Closed ekluzek closed 3 years ago

ekluzek commented 3 years ago

This comes from this comment in a previous PR...

https://github.com/ESCOMP/CTSM/pull/947#discussion_r399663433

It refers to this section of code...

        ! Note: The divide by 2 of crit_dayl is just to make sure
        ! onset doesn't happen with less than 6 hours of daylight
        else if (season_decid_temperate == 0 .and.  onset_gddflag == 1.0_r8 .and. &
                soila10 > SHR_CONST_TKFRZ .and. &
                t_a5min > SHR_CONST_TKFRZ .and. ws_flag==1.0_r8 .and. &
                dayl>(crit_dayl/2.0_r8) .and.  snow_5day<snow5d_thresh_for_onset) then

The problem is that the description for the reason for the divide by 2 is incorrect, as it allows onset to happen at 5 hours of daylight rather than 10. The description makes it sound like it makes it harder when it's actual function is to make it easier for onset to happen.

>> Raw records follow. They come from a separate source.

Lemma coord_half_vec n (b : nat -> int) k : (k < n.+1)%N ->
  coord (half_vec R (fun l : 'I_n.+1 => b l)) k = (b k)%:~R / 2.
Proof. by move=> lt_kn; rewrite /coord /half_vec inordK. Qed.

(* Indices are natural numbers and quantifiers run over [iota] so that the test evaluates:
   neither [inord] nor [forall] over an ordinal reduces by computation. *)
Definition P_Lplus_int (b : nat -> int) : bool :=
  let x i := b i in let y i := b (3 + i)%N in let z i j := b (6 + 2 * i + j)%N in
  all (fun i => [&& 0 <= x i <= 6, 0 <= y i <= 2, x i <= 4 * y i,
                    x i == z i 0%N + 2 * z i 1%N & all (fun j => 0 <= z i j <= 2) (iota 0 2)])
      (iota 0 3)
  && (x 0%N + x 1%N + x 2%N == 8).

Lemma P_Lplus_half_vec b : P_Lplus_int b -> P_Lplus (half_vec R (fun k : 'I_12 => b k)).
Proof.
have le_int (p q : int) : p <= q -> p%:~R <= q%:~R :> R by rewrite ler_int.
have eq_int (p q : int) : p == q -> p%:~R = q%:~R :> R by move/eqP->.
move=> /andP[/all_iotaP rows /eq_int sum8].
have {}rows (i : 'I_3) := rows i (ltn_ord i).
split; [split; [|split]|split].
- move=> i; have /and5P[/andP[/le_int x0 /le_int x6] /andP[/le_int y0 /le_int y2] _ _ _] := rows i.
  have lt_i3 := ltn_ord i; rewrite !coord_half_vec; try lia.
  by split; apply/andP; split; lra.
- by rewrite !coord_half_vec //; move: sum8; rewrite !rmorphD /=; lra.
- move=> i; have /and5P[_ _ /le_int + _ _] := rows i.
  have lt_i3 := ltn_ord i; rewrite !coord_half_vec; try lia.
  rewrite rmorphM /=; lra.
- move=> i j; have /and5P[_ _ _ _ /all_iotaP /(_ j (ltn_ord j)) z_bounds] := rows i.
  move: z_bounds => /andP[/le_int z0 /le_int z2].
  have lt_i3 := ltn_ord i; have lt_j2 := ltn_ord j; rewrite !coord_half_vec; try lia.
  by apply/andP; split; lra.
- move=> i; have /and5P[_ _ _ /eq_int + _] := rows i.
  have lt_i3 := ltn_ord i; rewrite !coord_half_vec; try lia.
  rewrite rmorphD rmorphM /=; lra.
Qed.
(* Consider any algorithm for two-party interactive communication over a public noisy channel that works with an unknown number $T$ of adversarial bit flips and that always terminates when there is no noise. Then any such algorithm succeeds with probability at most $1/2$ (against a suitable adversary).
   Context: Interactive communication: Alice and Bob, each holding their own input, wish to compute the transcript of a noise-free two-party protocol of length $L$ by communicating over a binary channel on which an adversary may flip bits; the total number of flips $T$ is not known to the parties. The channel is public: the adversary knows the algorithm and sees every bit sent over the channel, and can set the bits received by a party. Success means each party outputs the correct transcript of the input protocol. *)

From HB Require Import structures.
From mathcomp Require Import all_boot all_order all_algebra.
From mathcomp Require Import all_classical all_reals all_analysis.

Set Implicit Arguments.
Unset Strict Implicit.
Unset Printing Implicit Defensive.

Record protocol (X Y : Type) := Protocol {
  speaker : nat -> bool;                     (* true = Alice speaks *)
  msgA    : nat -> X -> seq bool -> bool;
  msgB    : nat -> Y -> seq bool -> bool }.

Definition proto_round (X Y : Type) (pi : protocol X Y) (x : X) (y : Y)
  (tr : seq bool) (i : nat) : seq bool :=
  rcons tr (if speaker pi i then msgA pi i x tr else msgB pi i y tr).

Definition transcript (X Y : Type) (pi : protocol X Y) (L : nat)
  (x : X) (y : Y) : seq bool :=
  foldl (proto_round pi x y) [::] (iota 0 L).

(* A channel symbol is [option bool]: [Some b] = the bit b, [None] =   *)
(* silence.  At every time step each still-running party either sends *)
(* a symbol ([Send s]) or halts with an output transcript ([Halt o]).  *)
(* A party's decision depends on its private input, its private random *)
(* string (omega) and the sequence of symbols it has received so far.  *)
Inductive action := Send of option bool | Halt of seq bool.

Record algorithm (X Y OmA OmB : Type) := Algorithm {
  alice : X -> OmA -> seq (option bool) -> action;
  bob   : Y -> OmB -> seq (option bool) -> action }.

(* A (deterministic) adversary sees the public channel: the sequence of *)
(* pairs (symbol sent by Alice, symbol sent by Bob) of all steps so far, *)
(* including the current one, and sets the pair                         *)
(* (symbol received by Alice, symbol received by Bob) of this step.     *)
Definition adversary := seq (option bool * option bool) -> option bool * option bool.
(* Let $m_1,m_2$ be positive real numbers with $m_1\leq 1.8m_2$. If $G\in\mathcal{G}_{m_1,m_2}$, then the disjoint union $G\cup K_t$ belongs to $\mathcal{G}_{m_1,m_2}$ for every integer $1\leq t\leq\lfloor 2m_1\rfloor$.
   Context: All graphs are finite and simple. For a graph $H$, $|H|$ denotes its number of vertices and $\lVert H\rVert$ its number of edges. For real numbers $m_1,m_2$, $\mathcal{G}_{m_1,m_2}$ is the class of graphs $G$ such that $\lVert H\rVert\leq m_1|H|$ for every subgraph $H$ of $G$, and $\lVert H\rVert\leq m_2|H|$ for every bipartite subgraph $H$ of $G$. $G\cup K_t$ denotes the vertex-disjoint union of $G$ and the complete graph on $t$ vertices. *)

From HB Require Import structures.
From mathcomp Require Import all_boot all_order all_algebra.
From mathcomp Require Import reals.
Set Implicit Arguments. Unset Strict Implicit. Unset Printing Implicit Defensive.
Import Order.TTheory GRing.Theory Num.Theory.
Local Open Scope ring_scope.

Definition simple_graph (T : finType) (e : rel T) : Prop :=
  symmetric e /\ irreflexive e.

Definition edges (T : finType) (e : rel T) : {set {set T}} :=
  [set [set p.1; p.2] | p in [set q : T * T | e q.1 q.2]].

(* H = (S, F) is a subgraph of (T, e): F is a set of edges of the graph,
   each with both endpoints in S. |H| = #|S|, ||H|| = #|F|. *)
Definition is_subgraph (T : finType) (e : rel T) (S : {set T}) (F : {set {set T}}) :=
  (F \subset edges e) && [forall f in F, f \subset S].

Definition is_bipartite (T : finType) (S : {set T}) (F : {set {set T}}) :=
  [exists A : {set T}, (A \subset S) && [forall f in F, #|f :&: A| == 1%N]].

Definition in_class (R : realType) (m1 m2 : R) (T : finType) (e : rel T) : Prop :=
  forall (S : {set T}) (F : {set {set T}}), is_subgraph e S F ->
    (#|F|%:R <= m1 * #|S|%:R) /\
    (is_bipartite S F -> #|F|%:R <= m2 * #|S|%:R).

Definition union_K (T : finType) (e : rel T) (t : nat) : rel (T + 'I_t)%type :=
  fun u v => match u, v with
             | inl x, inl y => e x y
             | inr i, inr j => i != j
             | _, _ => false
             end.
Arguments union_K {T} e t.

(* The edges of a subgraph H of the disjoint union of G and K_t split into those
   inside G, which form a subgraph of G on the vertices of H in G (bipartite if
   H is), and those inside K_t, which form a subgraph of K_s for the s <= t
   vertices of H in K_t.  The latter has at most s(s-1)/2 <= m1 s edges because
   t <= 2 m1, and, if bipartite, at most s^2/4 <= s t/4 <= m1 s/2 <= m2 s edges
   because m1 <= 1.8 m2. *)

From HB Require Import structures.
From mathcomp Require Import all_boot all_order all_algebra.
From mathcomp Require Import reals.
From mathcomp Require Import ring lra.

Set Implicit Arguments.
Unset Strict Implicit.
Unset Printing Implicit Defensive.
Import Order.TTheory GRing.Theory Num.Theory.
Local Open Scope ring_scope.

Section PairCounting.
Variable Y : finType.

Lemma card_pairs_le (S : {set Y}) (F : {set {set Y}}) :
  {in F, forall f : {set Y}, f \subset S /\ #|f| = 2%N} -> (#|F| <= 'C(#|S|, 2))%N.
Proof.
move=> pairF; rewrite -cards_draws; apply/subset_leq_card/subsetP => f /pairF[fS f2].
by rewrite inE fS f2 /=.
Qed.

Lemma card_crossing_pairs_le (S A : {set Y}) (F : {set {set Y}}) :
  {in F, forall f : {set Y}, [/\ f \subset S, #|f| = 2%N & #|f :&: A| = 1%N]} ->
  (#|F| <= #|S :&: A| * #|S :\: A|)%N.
Proof.
move=> crossF.
have split_inj : {in F &, injective (fun f => (f :&: A, f :\: A))}.
  by move=> f g _ _ [fgA fgD]; rewrite -(setID f A) -(setID g A) fgA fgD.
rewrite -(bin1 #|S :&: A|) -(bin1 #|S :\: A|) -!cards_draws -cardsX -(card_in_imset split_inj).
apply/subset_leq_card/subsetP => _ /imsetP[f /crossF[fS f2 fA1] ->].
by rewrite !inE cardsD fA1 f2 setSI ?setSD.
Qed.

End PairCounting.

Section DensityBounds.
Variable R : realFieldType.

Lemma complete_density_le (m : R) (s t : nat) :
  (s <= t)%N -> t%:R <= 2 * m -> 'C(s, 2)%:R <= m * s%:R.
Proof.
case: s => [|s] st tm; first by rewrite bin0n mulr0.
have twice_bin : 'C(s.+1, 2)%:R * 2 = s.+1%:R * s%:R :> R.
  by rewrite -!natrM -[2%N]/(2`!) bin_ffact ffactnS ffactn1.
have st_R : s.+1%:R <= t%:R :> R by rewrite ler_nat.
have s_ge0 : 0 <= s%:R :> R by [].
rewrite -addn1 natrD in st_R twice_bin *; nra.
Qed.

(* 4ab <= (a + b)^2 <= 2 m1 (a + b) <= 3.6 m2 (a + b) *)
Lemma complete_bipartite_density_le (m1 m2 : R) (a b t : nat) :
  (a + b <= t)%N -> t%:R <= 2 * m1 -> m1 <= 18 / 10 * m2 ->
  (a * b)%:R <= m2 * (a + b)%:R.
Proof.
move=> abt tm1 m12; have abt_R : (a + b)%:R <= t%:R :> R by rewrite ler_nat.
rewrite natrM natrD in abt_R *.
have [a_ge0 b_ge0] : 0 <= a%:R :> R /\ 0 <= b%:R :> R by [].
have amgm : 4 * (a%:R * b%:R) <= (a%:R + b%:R) ^+ 2 :> R.
  by rewrite -subr_ge0 (_ : _ - _ = (a%:R - b%:R) ^+ 2) ?sqr_ge0 //; ring.
nra.
Qed.

End DensityBounds.

Definition is_inl {A B : Type} (u : A + B) : bool := if u is inl _ then true else false.

Section UnionK.
Variables (T : finType) (e : rel T) (t : nat).
Local Notation X := (T + 'I_t)%type.

Definition left_side : {set X} := [set u | is_inl u].

Lemma card_preim_inl (Z : {set X}) : Z \subset left_side -> #|inl @^-1: Z| = #|Z|.
Proof.
move=> /subsetP ZL; rewrite -(card_imset _ (@inl_inj T 'I_t)).
apply: eq_card => u; apply/imsetP/idP => [[x] | uZ]; first by rewrite inE => ? ->.
case: u uZ (ZL u uZ) => [x xZ _ | i _]; last by rewrite inE.
by exists x; rewrite ?inE.
Qed.

Definition left_side_subsets : {set {set X}} := [set f : {set X} | f \subset left_side].

Lemma preim_inl_inj :
  {in left_side_subsets &, injective (fun f : {set X} => inl @^-1: f)}.
Proof.
move=> f g; rewrite !inE => /subsetP fL /subsetP gL fg.
apply/setP => -[x | i]; first by have /setP/(_ x) := fg; rewrite !inE.
by apply/idP/idP => [/fL | /gL]; rewrite inE.
Qed.

Lemma preim_inl_edge f : f \in edges (union_K e t) -> f \subset left_side ->
  inl @^-1: f \in edges e.
Proof.
case/imsetP => -[[x | i] [y | j]]; rewrite inE //= => exy -> /subsetP fL.
  by apply/imsetP; exists (x, y); rewrite ?inE //; apply/setP => z; rewrite !inE.
by have := fL (inr i); rewrite !inE eqxx => /(_ isT).
Qed.

Lemma right_edge_pair f : f \in edges (union_K e t) -> ~~ (f \subset left_side) ->
  f \subset ~: left_side /\ #|f| = 2%N.
Proof.
case/imsetP => -[[x | i] [y | j]]; rewrite inE //= => exy -> /subsetPn fL.
  by case: fL => u; rewrite !inE => /orP[]/eqP->.
split; first by apply/subsetP => u; rewrite !inE => /orP[]/eqP->.
by rewrite cards2 (inj_eq (@inr_inj _ _)) exy.
Qed.

Section Subgraph.
Variables (S : {set X}) (F : {set {set X}}).
Hypothesis SF_subgraph : is_subgraph (union_K e t) S F.

Definition left_vertices : {set T} := inl @^-1: S.
Definition right_vertices : {set X} := S :\: left_side.
Definition inner_left_edges : {set {set X}} := F :&: left_side_subsets.
Definition left_edges : {set {set T}} :=
  [set inl @^-1: f | f : {set X} in inner_left_edges].
Definition right_edges : {set {set X}} := F :\: left_side_subsets.

Lemma card_vertices_split : #|S| = (#|left_vertices| + #|right_vertices|)%N.
Proof.
rewrite -(cardsID left_side S) -[#|S :&: _|]card_preim_inl ?subsetIr //.
by congr (_ + _)%N; apply: eq_card => x; rewrite !inE andbT.
Qed.

Lemma card_edges_split : #|F| = (#|left_edges| + #|right_edges|)%N.
Proof.
rewrite card_in_imset ?cardsID // => f g /setIP[_ fL] /setIP[_ gL].
exact: preim_inl_inj.
Qed.

Lemma left_subgraph : is_subgraph e left_vertices left_edges.
Proof.
case/andP: SF_subgraph => /subsetP FE /forall_inP FS.
apply/andP; split; [apply/subsetP | apply/forall_inP] => g /imsetP[f].
  by rewrite !inE => /andP[fF fL] ->; apply: preim_inl_edge (FE f fF) fL.
by rewrite !inE => /andP[fF _] ->; apply/preimsetS/FS.
Qed.

Lemma left_bipartite : is_bipartite S F -> is_bipartite left_vertices left_edges.
Proof.
case/existsP => A /andP[AS /forall_inP AF]; apply/existsP; exists (inl @^-1: A).
rewrite preimsetS //=; apply/forall_inP => g /imsetP[f].
rewrite !inE => /andP[fF fL] ->.
by rewrite -preimsetI card_preim_inl ?AF // (subset_trans (subsetIl _ _) fL).
Qed.

Lemma right_edges_pairs :
  {in right_edges, forall f : {set X}, f \subset right_vertices /\ #|f| = 2%N}.
Proof.
case/andP: SF_subgraph => /subsetP FE /forall_inP FS f.
rewrite !inE => /andP[fL fF]; have [fR f2] := right_edge_pair (FE f fF) fL.
by rewrite /right_vertices setDE subsetI FS.
Qed.

Lemma card_right_vertices : (#|right_vertices| <= t)%N.
Proof.
apply: (@leq_trans #|[set (inr i : X) | i : 'I_t]|).
  by apply/subset_leq_card/subsetP => -[x | i]; rewrite !inE ?andbF // imset_f.
by rewrite card_imset ?card_ord //; exact: inr_inj.
Qed.

Lemma right_edges_density (R : realFieldType) (m1 m2 : R) :
  t%:R <= 2 * m1 -> m1 <= 18 / 10 * m2 ->
  #|right_edges|%:R <= m1 * #|right_vertices|%:R /\
  (is_bipartite S F -> #|right_edges|%:R <= m2 * #|right_vertices|%:R).
Proof.
move=> tm1 m12; split.
  apply: le_trans (complete_density_le card_right_vertices tm1).
  by rewrite ler_nat card_pairs_le //; exact: right_edges_pairs.
case/existsP => A /andP[_ /forall_inP AF].
rewrite -(cardsID A right_vertices).
apply: le_trans (complete_bipartite_density_le _ tm1 m12).
  rewrite ler_nat card_crossing_pairs_le // => f fR.
  have [fS f2] := right_edges_pairs fR.
  by split=> //; apply/eqP/AF; move: fR; rewrite inE => /andP[].
by rewrite cardsID card_right_vertices.
Qed.

End Subgraph.

End UnionK.

Theorem lemma3 (R : realType) (m1 m2 : R) (T : finType) (e : rel T) :
  0 < m1 -> 0 < m2 -> m1 <= 18 / 10 * m2 ->
  simple_graph e -> in_class m1 m2 e ->
  forall t : nat, (1 <= t)%N -> (t%:Z <= Num.floor (2 * m1))%R ->
    in_class m1 m2 (union_K e t).
Proof.
move=> _ _ m12 _ e_class t _ t_floor S F SF.
have tm1 : t%:R <= 2 * m1 by rewrite (le_trans _ (floor_le _)) // pmulrn ler_int.
have [left1 left2] := e_class _ _ (left_subgraph SF).
have [right1 right2] := right_edges_density SF tm1 m12.
rewrite card_edges_split (card_vertices_split S) !natrD !mulrDr.
split=> [|SF_bip]; apply: lerD; auto using left_bipartite.
Qed.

wwieder commented 3 years ago

@ekluzek can you remind me how crit_dayl is defined, is it just being read off the parameter file? If Leah's intent was to make onset happen with > 6 hours of day light, should we just hard code this in (e.g. dayl(g)>6.0_r8)?

billsacks commented 3 years ago

Feeling from ctsm-software meeting: there should be a new parameter used in this place – set to what crit_dayl/2 currently gives – so that the two can be varied independently. To do it right, the current parameter should be renamed to crit_dayl_offset.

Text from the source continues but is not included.